Lemma term_5F4_bal {f a1 a2 d1 d2 h : F} {N} n :
  lower_ok [:: f - a1; f - a2; 1 + d1 + d2 - f - N%:R; h] ->
  (\prod_(x <- [:: d1; d2; f - a1 - a2 - 1; h + 1; - N%:R]) poch x n) /
  ((\prod_(y <- [:: f - a1; f - a2; 1 + d1 + d2 - f - N%:R; h]) poch y n) * (n`!)%:R)
  = bal_term (f - 1 - a1 - a2) (f - 1) a1 a2 d1 d2 N n * ((h + n%:R) / h).
Proof.
move=> /lower_ok_cons[nb /lower_ok_cons[nc /lower_ok_cons[nD /lower_ok_cons[nh _]]]].
have E1 : 1 + (f - 1) = f by ring.
rewrite !big_cons big_nil /bal_term !E1 (poch_succ _ _ (not_nonpos_int_neq0 nh)).
rewrite (_ : d1 + d2 - (f - 1) - N%:R = 1 + d1 + d2 - f - N%:R); last by ring.
rewrite (_ : f - 1 - a1 - a2 = f - a1 - a2 - 1); last by ring.
have := natr_fact_neq0 (F := F) n; have := not_nonpos_int_neq0 nh.
by move=> *; field; repeat (apply/andP; split); try apply: not_nonpos_int_poch.
Qed.

End HypergeometricForm.

Theorem mainTheorem2 (R : realType) (N : nat) (f a1 a2 p d1 d2 : R[i]) :
  lower_ok [:: (f - 1) / 2%:R; f - a1; f - a2; p; f - p - 1; f - d1; f - d2;
               f + N%:R] ->
  p * (f - p - 1) - a1 * a2 != 0 ->
  let h := p * (a1 + a2 - f + 1) * (p - f + 1) / (p * (f - p - 1) - a1 * a2) in
  lower_ok [:: f - a1; f - a2; 1 + d1 + d2 - f - N%:R; h] ->
  hypF_term N
    [:: f - 1; (f + 1) / 2%:R; a1; a2; f - p; p + 1; d1; d2; - N%:R]
    [:: (f - 1) / 2%:R; f - a1; f - a2; p; f - p - 1; f - d1; f - d2; f + N%:R] 1
  = poch f N * poch (f - d1 - d2) N / (poch (f - d1) N * poch (f - d2) N)
    * hypF_term N
        [:: d1; d2; f - a1 - a2 - 1; h + 1; - N%:R]
        [:: f - a1; f - a2; 1 + d1 + d2 - f - N%:R; h] 1.
Proof.
move=> L1 den0 h L2.
rewrite !hypF_term1.
under eq_bigr => n _ do rewrite (term_9F8_vwp n L1).
under [in RHS]eq_bigr => n _ do rewrite (term_5F4_bal n L2).
move: L1 => /lower_ok_cons[n2 /lower_ok_cons[nb /lower_ok_cons[nc /lower_ok_cons[np
  /lower_ok_cons[nfp /lower_ok_cons[nd /lower_ok_cons[ne /lower_ok_cons[nN _]]]]]]]].
move: L2 => /lower_ok_cons[_ /lower_ok_cons[_ /lower_ok_cons[nD /lower_ok_cons[nh _]]]].
have E1 : 1 + (f - 1) = f by ring.
have Efp : f - 1 - p = f - p - 1 by ring.
have -> : poch f N * poch (f - d1 - d2) N / (poch (f - d1) N * poch (f - d2) N)
  = whipple_factor (f - 1) d1 d2 N by rewrite /whipple_factor !E1.
have Eh : h = p * (a1 + a2 - (f - 1)) * (p - (f - 1)) / (p * (f - 1 - p) - a1 * a2).
  by rewrite /h Efp; congr (_ * _ * _ / _); ring.
rewrite Eh; apply: whipple_quadratic; rewrite ?E1 ?Efp //.
- by apply: contraNneq (not_nonpos_int_neq0 n2) => ->; rewrite mul0r.
- have half : (f - 1) / 2%:R + 1%:R = (f - 1 + 2%:R) / 2%:R by field.
  by have := n2 1%N; apply: contra => /eqP E; rewrite half E mul0r.
- by rewrite (_ : d1 + d2 - (f - 1) - N%:R = 1 + d1 + d2 - f - N%:R) //; ring.
- exact: not_nonpos_int_neq0.
- exact: not_nonpos_int_neq0.
- have Ea : a1 + a2 - f + 1 = - (f - 1 - a1 - a2) by ring.
  by apply: contraNneq (not_nonpos_int_neq0 nh) => E; apply/eqP; rewrite /h Ea E oppr0 mulr0 !mul0r.
Qed.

----

**YOUR OBJECTIVE**.
Only the lines above from the one with "have := natr_fact_neq0" through the one with "let h := p *" should be duplicated, character for character.

**RESPONSE FOR THIS EXERCISE**.
have := natr_fact_neq0 (F := F) n; have := not_nonpos_int_neq0 nh.
by move=> *; field; repeat (apply/andP; split); try apply: not_nonpos_int_poch.
Qed.

End HypergeometricForm.

Theorem mainTheorem2 (R : realType) (N : nat) (f a1 a2 p d1 d2 : R[i]) :
  lower_ok [:: (f - 1) / 2%:R; f - a1; f - a2; p; f - p - 1; f - d1; f - d2;
               f + N%:R] ->
  p * (f - p - 1) - a1 * a2 != 0 ->
  let h := p * (a1 + a2 - f + 1) * (p - f + 1) / (p * (f - p - 1) - a1 * a2) in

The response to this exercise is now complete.